I love that American cuisine in an amalgam of hundreds of different cultures. This Melting Pot tradition stems from the original Settlers. They combined their traditional English cooking methods with the new ones they learned from the Native Americans.
The introduction of Russian cuisine to America began with the millions of Russian immigrants who came to the United States between 1880 and World War I. One of the most iconic dishes is Beef Stroganoff. Something magical happens when you mix in sour cream to finish a dish. The Better Homes & Gardens Heritage Cookbooks says it best, “[Sour cream] is used in many ways in many [Russian] recipes, and in Beef Stroganoff it is used to perfection…The flavor has enchanted Americans for decades.”

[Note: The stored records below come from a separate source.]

(* If phi is an automorphism and p > 0 has no prime factor below m, then y := phi (E_ij 1)
   satisfies y^p = E_ij p' for some p', so y^p - 1 is nilpotent.  For each prime power q^a
   exactly dividing p, z := y^(p/q^a) reduces mod q to a unipotent Z; as q >= m we get
   (Z - 1)^q = 0, i.e. Z^q = 1 by Frobenius, and lifting the exponent gives z^(q^a) = 1
   mod q^a.  Hence y^p = 1 mod p and p | p'; by symmetry E_ij p and E_ij p' share an
   Aut-orbit only if p = p'.

   Conjugating U(a, b) = 1 + a e_01 + b e_02 by E_21 and E_12 maps (a, b) to
   (a + b, a + 2b), so a Horner scheme on bit strings of length k builds U(K h, K h') from
   O(k) letters, for 2^k distinct values of h; a commutator with E_12 and one more letter
   give E_02 (K h + 1).  With K = (m-1)! no prime below m divides K h + 1, so the ball of
   radius O(k) meets 2^k orbits.  Counting words gives the upper bound. *)

From HB Require Import structures.
From mathcomp Require Import all_boot all_order all_algebra zify ring.
From Stdlib Require Import ClassicalEpsilon.
Set Implicit Arguments. Unset Strict Implicit. Unset Printing Implicit Defensive.
Import Order.TTheory GRing.Theory Num.Theory.
Local Open Scope ring_scope.

Lemma mxnilpotent_expn_size (F : fieldType) n (M : 'M[F]_n.+1) k :
  M ^+ k = 0 -> M ^+ n.+1 = 0.
Proof.
have horner_X0 j : horner_mx M (('X - 0%:P) ^+ j) = M ^+ j.
  by rewrite rmorphXn /= rmorphB /= horner_mx_X horner_mx_C raddf0 subr0.
move=> Mk; have /dvdp_exp_XsubCP [j _ ej] : mxminpoly M %| ('X - 0%:P) ^+ k.
  by rewrite dvd_mxminpoly horner_X0 Mk.
have Mj : M ^+ j = 0.
  by apply/eqP; rewrite -horner_X0 -dvd_mxminpoly -(eqp_dvdr _ ej) dvdpp.
have jn : (j <= n.+1)%N.
  have := dvdp_leq (monic_neq0 (char_poly_monic M)) (mxminpoly_dvd_char M).
  by rewrite size_char_poly (eqp_size ej) polyC0 subr0 size_polyXn.
have -> : M ^+ n.+1 = M ^+ (n.+1 - j) * M ^+ j by rewrite -exprD subnK.
by rewrite Mj mulr0.
Qed.

Lemma pchar_expn_subr1 (R : nzRingType) q (chq : q \in [pchar R]) (x : R) k :
  (x - 1) ^+ (q ^ k) = x ^+ (q ^ k) - 1.
Proof.
elim: k => [|k IH]; first by rewrite expn0 !expr1.
rewrite expnSr !exprM IH.
have := pFrobenius_autB_comm chq (commr1 (x ^+ (q ^ k))).
by rewrite !pFrobenius_autE expr1n.
Qed.

Definition rough (n d : nat) : Prop := forall r, prime r -> (r %| d)%N -> (n <= r)%N.

Lemma rough_fact_mulS n a : rough n.+1 (n`! * a).+1.
Proof.
move=> r r_prime r_dvd; rewrite ltnNge; apply/negP => r_le_n.
have r_fact : (r %| n`! * a)%N by rewrite dvdn_mulr // dvdn_fact // prime_gt0.
by move: r_dvd; rewrite -addn1 dvdn_addr // dvdn1 => /eqP r1; rewrite r1 in r_prime.
Qed.

Section CongruenceToOne.
Variable n : nat.

Definition mx_eq1_mod (d : int) (y : 'M[int]_n.+1) : Prop :=
  exists W : 'M[int]_n.+1, y = 1 + d *: W.

Lemma expr1D_scale (c : int) (W : 'M[int]_n.+1) j :
  exists Z, (1 + c *: W) ^+ j = 1 + (c * j%:R) *: W + (c * c) *: Z.
Proof.
elim: j => [|j [Z IH]].
  by exists 0; rewrite expr0 mulr0 scale0r scaler0 !addr0.
exists (j%:R *: (W * W) + Z + c *: (Z * W)).
rewrite exprSr IH !mulrDl !mulrDr !mul1r !mulr1.
rewrite -!scalerAl -!scalerAr !scalerA !scalerDr !scalerA.
rewrite -!addrA; congr (_ + _).
rewrite -[j.+1]addn1 natrD mulrDr mulr1 scalerDl.
rewrite -!addrA addrCA; congr (_ + (_ + (_ *: _ + _))).
by rewrite [c * j%:R * c]mulrC mulrA.
Qed.

Lemma mx_eq1_mod_expn (c : int) q y : (q%:Z %| c)%Z ->
  mx_eq1_mod c y -> mx_eq1_mod (c * q%:Z) (y ^+ q).
Proof.
move=> /dvdzP [c' ->] [W ->]; have [Z ->] := expr1D_scale (c' * q%:Z) W q.
exists (W + c' *: Z); rewrite scalerDr scalerA -addrA; congr (_ + (_ + _ *: _)).
- by rewrite -natz.
- by rewrite mulrA mulrAC.
Qed.

Lemma mx_eq1_mod1 y : mx_eq1_mod 1 y.
Proof. by exists (y - 1); rewrite scale1r addrC subrK. Qed.

Section PrimeModulus.
Variable q : nat.
Hypothesis q_prime : prime q.
Hypothesis size_le_q : (n < q)%N.

Lemma mx_eq1_mod_prime y k j :
  (y ^+ (q ^ k) - 1) ^+ j = 0 -> mx_eq1_mod q%:Z (y ^+ q).
Proof.
move=> unip; pose f := @map_mx _ _ (@intmul 'F_q 1) n.+1 n.+1.
have chq := pchar_Fp q_prime.
have chM : q \in [pchar 'M['F_q]_n.+1] by rewrite pchar_lalg.
have f_unipotent : (f y - 1) ^+ (q ^ k * j) = 0.
  rewrite exprM pchar_expn_subr1 //.
  have -> : f y ^+ (q ^ k) - 1 = f (y ^+ (q ^ k) - 1) by rewrite /f rmorphB rmorph1 rmorphXn.
  by rewrite -rmorphXn unip raddf0.
have f_yq : f (y ^+ q - 1) = 0.
  rewrite /f rmorphB rmorph1 rmorphXn -[q in _ ^+ q]expn1 -pchar_expn_subr1 // expn1.
  have -> : (f y - 1) ^+ q = (f y - 1) ^+ (q - n.+1) * (f y - 1) ^+ n.+1.
    by rewrite -exprD subnK.
  by rewrite (mxnilpotent_expn_size f_unipotent) mulr0.
exists (\matrix_(a, b) (((y ^+ q - 1) a b) %/ q)%Z).
apply/matrixP => a b.
have : (q%:Z %| (y ^+ q - 1) a b)%Z.
  by have /matrixP/(_ a b) := f_yq; rewrite !mxE (dvdz_pcharf chq) => ->.
by rewrite !mxE => /divzK; rewrite mulrC => ->; rewrite addrC subrK.
Qed.

Lemma mx_eq1_mod_prime_power y k j :
  (y ^+ (q ^ k) - 1) ^+ j = 0 -> mx_eq1_mod (q ^ k)%N%:Z (y ^+ (q ^ k)).
Proof.
case: k => [|k] unip; first exact: mx_eq1_mod1.
suff lift l : mx_eq1_mod (q ^ l.+1)%N%:Z (y ^+ (q ^ l.+1)) by [].
elim: l => [|l IH]; first by rewrite expn1; exact: mx_eq1_mod_prime unip.
rewrite expnSr exprM PoszM.
by apply: mx_eq1_mod_expn IH; rewrite dvdzE /= dvdn_exp.
Qed.
End PrimeModulus.
(* Let $R$ be a commutative ring with unit and $f\in R$ a non-nilpotent element. Then the map $\mathrm{res}\colon\mathrm{prim}(R[f^{-1}])\to\mathrm{prim}(R)$, $I\mapsto I\cap R$, induces a homeomorphism onto its image, which is compact in $\mathrm{prim}(R)$. Moreover, for any finite family of non-nilpotent elements $f_1,\dots,f_m\in R$ generating the unit ideal, the sets $\mathrm{res}(\mathrm{prim}(R[f_i^{-1}]))$, $i=1,\dots,m$, form a finite compact cover of $\mathrm{prim}(R)$.
   Context: $\mathrm{Id}(R)$ denotes the set of proper ideals of $R$, endowed with the constructible topology (induced by the product topology on $\{0,1\}^R$ via characteristic functions); it is compact. $\mathrm{prim}(R)$ is the closure in $\mathrm{Id}(R)$ of the set of primary ideals of $R$. $I\cap R$ means the preimage of $I$ under the canonical map $R\to R[f^{-1}]$. *)

From HB Require Import structures.
From mathcomp Require Import all_boot all_order all_algebra.
From mathcomp Require Import ring_quotient.
From mathcomp Require Import all_classical all_reals all_analysis.



Unset Printing Implicit Defensive.

Import Order.TTheory GRing.Theory Num.Theory.
Local Open Scope classical_set_scope.
Local Open Scope ring_scope.

(* Subsets of a ring R are encoded by their characteristic functions
   R -> bool, i.e. points of {0,1}^R.  The type {ptws R -> bool} carries the
   product topology (bool being discrete), so the induced topology on the set
   of ideals is the constructible topology of the paper. *)

Definition nilpotent_elt (R : comNzRingType) (x : R) : Prop :=
  exists n : nat, x ^+ n = 0.

(* Id(R): the proper ideals of R (mathcomp's idealr_closed includes 1 \notin I) *)
Definition Id_set (R : comNzRingType) : set {ptws R -> bool} :=
  [set I | @idealr_closed R (I : {pred R})].

Definition primary_ideal (R : comNzRingType) (I : {pred R}) : Prop :=
  @idealr_closed R I /\
  forall a b : R, a * b \in I -> a \notin I -> exists n : nat, b ^+ n \in I.

Definition primary_set (R : comNzRingType) : set {ptws R -> bool} :=
  [set I | primary_ideal R (I : {pred R})].

Definition prim (R : comNzRingType) : set {ptws R -> bool} :=
  topology_structure.closure (primary_set R) `&` Id_set R.

(* phi : R -> S exhibits S as the localization R[f^{-1}]
   (standard characterization of the localization up to unique isomorphism):
   phi f is a unit, every element of S is phi r / phi f^n, and
   ker phi = { r | f^n r = 0 for some n }. *)
Definition is_localization (R S : comNzRingType) (f : R)
    (phi : {rmorphism R -> S}) : Prop :=
  [/\ exists u : S, phi f * u = 1,
      forall s : S, exists (r : R) (n : nat), s * phi f ^+ n = phi r
    & forall r : R, phi r = 0 -> exists n : nat, f ^+ n * r = 0].

(* res : I |-> I \cap R, the preimage of I under R -> R[f^{-1}] *)
Definition res (R S : comNzRingType) (phi : {rmorphism R -> S})
    (I : {ptws S -> bool}) : {ptws R -> bool} :=
  fun r : R => I (phi r).

Arguments nilpotent_elt {R} x.
Arguments is_localization {R S} f phi.
Arguments res {R S} phi I.

From HB Require Import structures.
From mathcomp Require Import all_boot all_order all_algebra.
From mathcomp Require Import ring_quotient.
From mathcomp Require Import all_classical all_reals all_analysis.

Import Order.TTheory GRing.Theory Num.Theory.
Local Open Scope classical_set_scope.
Local Open Scope ring_scope.

Set Implicit Arguments.
Unset Strict Implicit.

(* Contraction along phi : R -> R[1/f] is continuous for the constructible
   topology (each coordinate of res phi J is a coordinate of J) and maps
   primary ideals to primary ideals, hence prim(R[1/f]) into the closure of
   the primary ideals of R.  Since prim is a closed subset of the compact
   Hausdorff space {0,1}^R, its images are compact and closed.  An ideal J of
   R[1/f] is recovered from J \cap R by a continuous map: s \in J iff
   num s \in J \cap R, where s f^n = num s.  For the cover, a primary ideal Q
   of R cannot contain a power of every f_i, since the f_i generate the unit
   ideal; if no power of f_i lies in Q, the extension Q R[1/f_i] is primary
   and contracts back to Q.  So the finite union of the closed images contains
   all primary ideals of R, hence their closure prim(R). *)

Section IdealArithmetic.
Variables (R : comNzRingType) (I : {pred R}).
Hypothesis idI : idealr_closed I.

Lemma ideal0 : 0 \in I.
Proof. by case: idI. Qed.

Lemma idealMl a u : u \in I -> a * u \in I.
Proof. by case: idI => I0 _ IMD uI; rewrite -[a * u]addr0; apply: IMD. Qed.

Lemma idealMr a u : u \in I -> u * a \in I.
Proof. by rewrite mulrC; apply: idealMl. Qed.

Lemma idealD u v : u \in I -> v \in I -> u + v \in I.
Proof. by case: idI => _ _ IMD uI vI; rewrite -[u]mul1r; apply: IMD. Qed.

Lemma idealX_leq x n m : x ^+ n \in I -> (n <= m)%N -> x ^+ m \in I.
Proof. by move=> xnI /subnK <-; rewrite exprD idealMl. Qed.

Lemma radical_idealD x y :
  (exists n, x ^+ n \in I) -> (exists n, y ^+ n \in I) ->
  exists n, (x + y) ^+ n \in I.
Proof.
move=> [n xnI] [m ymI]; exists (n + m)%N; rewrite exprDn.
apply: (big_ind (fun z => z \in I)); [exact: ideal0 | exact: idealD |] => i _.
rewrite -mulr_natl; apply: idealMl; have [mi | im] := leqP m i.
  by apply: idealMl; apply: idealX_leq ymI mi.
apply: idealMr; apply: idealX_leq xnI _.
by rewrite -{1}(addnK m n) leq_sub2l // ltnW.
Qed.

Lemma unit_combination_not_radical m (fs a : 'I_m -> R) :
  \sum_(i < m) a i * fs i = 1 -> exists i, forall n, fs i ^+ n \notin I.
Proof.
move=> comb1; apply: contrapT => /forallNP noI.
have : exists n, (\sum_(i < m) a i * fs i) ^+ n \in I.
  apply: (big_ind (fun z => exists n, z ^+ n \in I)).
  - by exists 1%N; rewrite expr1 ideal0.
  - exact: radical_idealD.
  move=> i _; have /existsNP [n /negP/negPn fsnI] := noI i.
  by exists n; rewrite exprMn idealMl.
by rewrite comb1 => -[n]; rewrite expr1n; apply/negP; case: idI.
Qed.

End IdealArithmetic.

Section PointwiseTopology.
Variable I : eqType.

Lemma ptws_bool_precomp_continuous (J : eqType) (h : J -> I) :
  continuous
    (fun F : {ptws I -> bool} => (fun j => F (h j)) : {ptws J -> bool}).
Proof.
move=> F; apply/cvg_sup => j.
have := @continuous_comp_initial _ _ _ (fun G : {ptws J -> bool} => G j)
  (fun F : {ptws I -> bool} => (fun j => F (h j)) : {ptws J -> bool}).
by apply; exact: (@proj_continuous I (fun=> bool) (h j)).
Qed.

Lemma ptws_coord_closed (i : I) (b : bool) :
  closed [set F : {ptws I -> bool} | F i = b].
Proof.
apply: (proj1 (continuous_closedP _) _ [set b] (discrete_closed _)) => F.
exact: (@proj_continuous I (fun=> bool) i).
Qed.

Lemma ptws_bool_compact : compact [set: {ptws I -> bool}].
Proof.
have := @tychonoff I (fun=> bool) (fun=> setT) (fun=> bool_compact).
by congr compact; apply/seteqP; split.
Qed.

Lemma ptws_bool_hausdorff : hausdorff_space {ptws I -> bool}.
Proof. by apply: hausdorff_product => _; exact: discrete_hausdorff. Qed.

End PointwiseTopology.

Lemma image_closure_subset (T U : topologicalType) (h : T -> U) (A : set T) :
  continuous h -> h @` closure A `<=` closure (h @` A).
Proof.
move=> hC _ [x clAx <-] N hxN.
have [y [Ay Ny]] := clAx _ (hC x _ hxN).
by exists (h y); split => //; exists y.
Qed.

Lemma Id_setE (R : comNzRingType) : Id_set R =
  [set I | I 0 = true] `&` [set I | I 1 = false] `&`
  \bigcap_(t in [set: R * R * R])
    ([set I | I t.1.2 = false] `|` [set I | I t.2 = false] `|`
     [set I | I (t.1.1 * t.1.2 + t.2) = true]).
Proof.
apply/seteqP; split => I.
  case=> I0 /negbTE I1 IMD; split=> // -[[a u] v] _ /=.
  case: (boolP (I u)) => [uI|/negbTE]; last by left; left.
  case: (boolP (I v)) => [vI|/negbTE]; last by left; right.
  by right; apply: IMD.
case=> -[/= I0 I1] IMD; split=> [//||a u v]; first exact/negbT.
rewrite !unfold_in => uI vI.
by have [[]|] := IMD (a, u, v) Logic.I; rewrite /= ?uI ?vI.
Qed.

Lemma Id_set_closed (R : comNzRingType) : closed (Id_set R).
Proof.
rewrite Id_setE; apply: closedI; first apply: closedI.
- exact: ptws_coord_closed.
- exact: ptws_coord_closed.
apply: closed_bigI => t _.
by apply: closedU; first apply: closedU; exact: ptws_coord_closed.
Qed.

Lemma prim_compact (R : comNzRingType) : compact (prim R).
Proof.
apply: (subclosed_compact _ (@ptws_bool_compact R)) => //.
by apply: closedI; [exact: closed_closure | exact: Id_set_closed].
Qed.

Lemma primary_prim (R : comNzRingType) (Q : {ptws R -> bool}) :
  primary_ideal R Q -> prim R Q.
Proof. by move=> primQ; split; [exact: subset_closure | case: primQ]. Qed.

Section Contraction.
Variables (R S : comNzRingType) (phi : {rmorphism R -> S}).

Lemma res_ideal (J : {ptws S -> bool}) :
  idealr_closed (J : {pred S}) -> idealr_closed (res phi J : {pred R}).
Proof.
case=> J0 J1 JMD; split; first by rewrite unfold_in /res rmorph0.
  by rewrite unfold_in /res rmorph1.
by move=> a u v uJ vJ; rewrite unfold_in /res rmorphD rmorphM; apply: JMD.
Qed.

Lemma res_primary (J : {ptws S -> bool}) :
  primary_ideal S J -> primary_ideal R (res phi J).
Proof.
case=> idJ primJ; split; first exact: res_ideal.
move=> a b; rewrite !unfold_in /res rmorphM => abJ aJ.
by have [n bnJ] := primJ _ _ abJ aJ; exists n; rewrite unfold_in /res rmorphXn.
Qed.

Lemma res_continuous : continuous (res phi).
Proof. exact: ptws_bool_precomp_continuous. Qed.

Lemma res_prim : res phi @` prim S `<=` prim R.
Proof.
move=> _ [J [clJ idJ] <-]; split; last exact: res_ideal.
have res_primary_set : res phi @` primary_set S `<=` primary_set R.
  by move=> _ [Q primQ <-]; exact: res_primary.
apply: (closureS res_primary_set).
by apply: (image_closure_subset (A := primary_set S) res_continuous); exists J.
Qed.

Lemma res_prim_compact : compact (res phi @` prim S).
Proof.
apply: continuous_compact; last exact: prim_compact.
exact/continuous_subspaceT/res_continuous.
Qed.

End Contraction.

Section Localization.
Variables (R S : comNzRingType) (f : R) (phi : {rmorphism R -> S}).
Hypothesis locS : is_localization f phi.

Lemma localization_eq r n r' : phi r * phi f ^+ n = phi r' ->
  exists k, f ^+ (k + n) * r = f ^+ k * r'.
Proof.
case: locS => _ _ kerS e.
have [k fk0] : exists k, f ^+ k * (r * f ^+ n - r') = 0.
  by apply: kerS; rewrite rmorphB rmorphM rmorphXn e subrr.
by exists k; apply/eqP; rewrite -subr_eq0 -fk0 mulrBr exprD -mulrA [r * _]mulrC.
Qed.

Lemma localization_retraction :
  exists g : {ptws R -> bool} -> {ptws S -> bool},
    (forall J : {ptws S -> bool},
       idealr_closed (J : {pred S}) -> g (res phi J) = J)
    /\ continuous g.
Proof.
case: locS => [[u fu1] fracS _].
pose num s := projT1 (cid (fracS s)).
have numP s : exists n, s * phi f ^+ n = phi (num s) := projT2 (cid (fracS s)).
exists (fun J => (fun s => J (num s)) : {ptws S -> bool}).
split; last exact: ptws_bool_precomp_continuous.
move=> J idJ; apply: funext => s /=; have [n e] := numP s; rewrite /res -e.
apply/idP/idP => [sfJ|]; last exact: idealMr.
have := idealMl idJ (u ^+ n) sfJ.
by rewrite mulrCA -exprMn [u * _]mulrC fu1 expr1n mulr1.
Qed.

Variable Q : {pred R}.
Hypothesis primQ : primary_ideal R Q.
Hypothesis Q_powf : forall n, f ^+ n \notin Q.

Lemma primary_cancel_powf k r : f ^+ k * r \in Q -> r \in Q.
Proof.
case: primQ => _ primQ' fkrQ; apply: contraT => rQ.
rewrite mulrC in fkrQ; have [n] := primQ' _ _ fkrQ rQ.
by rewrite -exprM (negbTE (Q_powf _)).
Qed.

Definition ext_ideal : {pred S} :=
  fun s => `[< exists r n, r \in Q /\ s * phi f ^+ n = phi r >].

Lemma ext_idealP s :
  reflect (exists r n, r \in Q /\ s * phi f ^+ n = phi r) (s \in ext_ideal).
Proof. exact: asboolP. Qed.

Lemma ext_ideal_res r : (phi r \in ext_ideal) = (r \in Q).
Proof.
apply/ext_idealP/idP => [[r' [n [r'Q e]]] | rQ]; last first.
  by exists r, 0%N; rewrite expr0 mulr1.
have [k fkr] := localization_eq e.
apply: (@primary_cancel_powf (k + n)); rewrite fkr.
by case: primQ => idQ _; exact: idealMl.
Qed.

Lemma ext_ideal_ideal : idealr_closed ext_ideal.
Proof.
case: primQ => idQ _; case: locS => _ fracS _; split.
- apply/ext_idealP; exists 0, 0%N.
  by rewrite mul0r rmorph0; split; first exact: ideal0.
- by rewrite -(rmorph1 phi) ext_ideal_res; case: idQ.
move=> a x y /ext_idealP [r1 [n1 [r1Q e1]]] /ext_idealP [r2 [n2 [r2Q e2]]].
have [t [p ep]] := fracS a.
apply/ext_idealP.
exists (t * r1 * f ^+ n2 + r2 * f ^+ (p + n1)), (p + n1 + n2)%N.
split; first by apply: (idealD idQ); [apply/(idealMr idQ)/(idealMl idQ) |
                                     apply: (idealMr idQ)].
rewrite rmorphD !rmorphM !rmorphXn -ep -e1 -e2 !exprD mulrDl.
set A := phi f ^+ p; set B := phi f ^+ n1; set C := phi f ^+ n2.
by congr (_ + _);
  [rewrite [a * A * _]mulrACA mulrA | rewrite -[RHS]mulrA [C * _]mulrC].
Qed.

Lemma ext_ideal_primary : primary_ideal S ext_ideal.
Proof.
split; first exact: ext_ideal_ideal.
case: primQ => idQ primQ'; case: locS => _ fracS _.
move=> a b /ext_idealP [r [n [rQ e]]] aQ.
have [x [p ex]] := fracS a; have [y [q ey]] := fracS b.
have exy : phi (x * y) * phi f ^+ n = phi (r * f ^+ (p + q)).
  rewrite !rmorphM rmorphXn -ex -ey -e exprD.
  set A := phi f ^+ p; set B := phi f ^+ q; set C := phi f ^+ n.
  by rewrite mulrACA -!mulrA; congr (_ * (_ * _)); rewrite mulrA mulrC.
have [k fkxy] := localization_eq exy.
have xQ : x \notin Q.
  by apply: contra aQ => xQ; apply/ext_idealP; exists x, p.
have xyfQ : x * (y * f ^+ (n + k)) \in Q.
  by rewrite mulrA mulrC addnC fkxy; apply/(idealMl idQ)/(idealMr idQ).
have [N yfNQ] := primQ' _ _ xyfQ xQ.
exists N; apply/ext_idealP.
exists (y ^+ N * f ^+ ((n + k) * N)), (q * N + (n + k) * N)%N.
split; first by rewrite exprM -exprMn.
by rewrite rmorphM !rmorphXn exprD mulrA exprM -exprMn ey.
Qed.

Lemma primary_in_res_prim : (res phi @` prim S) (Q : {ptws R -> bool}).
Proof.
exists (ext_ideal : {ptws S -> bool}).
  exact/primary_prim/ext_ideal_primary.
by apply: funext => r; exact: ext_ideal_res.
Qed.

End Localization.

Lemma prim_cover (R : comNzRingType) (m : nat) (fs : 'I_m -> R)
    (S : 'I_m -> comNzRingType) (phi : forall i, {rmorphism R -> S i})
    (a : 'I_m -> R) :
  (forall i, is_localization (fs i) (phi i)) -> \sum_(i < m) a i * fs i = 1 ->
  prim R = \bigcup_(i in [set: 'I_m]) (res (phi i) @` prim (S i)).
Proof.
move=> locS comb1; set U := \bigcup_(i in _) _.
apply/seteqP; split; last by move=> J [i _]; apply: res_prim.
have U_closed : closed U.
  apply: closed_bigcup => [|i _]; first exact: finite_finset.
  apply: compact_closed; first exact: ptws_bool_hausdorff.
  exact: res_prim_compact.
have primary_U : primary_set R `<=` U.
  move=> Q primQ.
  have [i fsiQ] := unit_combination_not_radical (proj1 primQ) comb1.
  by exists i => //; apply: primary_in_res_prim.
move=> J [clJ _]; rewrite (proj1 (closure_id U) U_closed).
exact: closureS primary_U _ clJ.
Qed.

Unset Implicit Arguments.

Theorem proposition5p10 (R : comNzRingType) :
  (forall (f : R) (S : comNzRingType) (phi : {rmorphism R -> S}),
     ~ nilpotent_elt f -> is_localization f phi ->
     [/\ res phi @` prim S `<=` prim R,
         {within prim S, continuous (res phi)},
         (exists g : {ptws R -> bool} -> {ptws S -> bool},
            (forall I, prim S I -> g (res phi I) = I) /\
            {within res phi @` prim S, continuous g})
       & compact (res phi @` prim S)]) /\
  (forall (m : nat) (fs : 'I_m -> R) (S : 'I_m -> comNzRingType)
          (phi : forall i : 'I_m, {rmorphism R -> S i}),
     (forall i, ~ nilpotent_elt (fs i)) ->
     (forall i, is_localization (fs i) (phi i)) ->
     (exists a : 'I_m -> R, \sum_(i < m) a i * fs i = 1) ->
     (forall i, compact (res (phi i) @` prim (S i))) /\
     prim R = \bigcup_(i in [set: 'I_m]) (res (phi i) @` prim (S i))).
Proof.
split=> [f S phi _ locS | m fs S phi _ locS [a comb1]].
  have [g [gK gC]] := localization_retraction locS.
  split; [exact: res_prim | exact/continuous_subspaceT/res_continuous | |
          exact: res_prim_compact].
  by exists g; split=> [J [_ /gK]|]; last exact/continuous_subspaceT/gC.
by split=> [i|]; [exact: res_prim_compact | exact: prim_cover comb1].
Qed.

When I was in St. Louis several months ago for another round of wedding planning, I managed to slip away to my favorite bookstore, The Book House. There are thousands of new, used and antique books tucked all over a charming historic Victorian house. I can never leave with just one! The best part is (yes, it get’s better!) they give a portion of their proceeds to charity. Recently The Book House has been struggling to keep the house. A developer wants to demolish it. You can read all about it on their blog.
I’m sorry, that was a tangent! One of the treasures that I found during my last visit was the Better Homes & Gardens Heritage Cookbook (1975). One of the recipes that caught my eye (there were dozens!) was the Beef Stroganoff, so without further detours into my other passions, I bring you the most delicious Beef Stroganoff recipe that I have ever tried!
A note on my wine: I had previously opened the bottle of white Burgundy pictured below, and decided to see how it would do in the kitchen. It was magnificent. It’s definitely a pricier bottle but it tasted better each day that I had a glass. If you are in Atlanta you can find it at Highland Fine Wine and Crystal. This experiment just proves that the better the wine, the better the final dish. It is especially important in Beef Stroganoff because the wine flavor doesn’t really get cooked.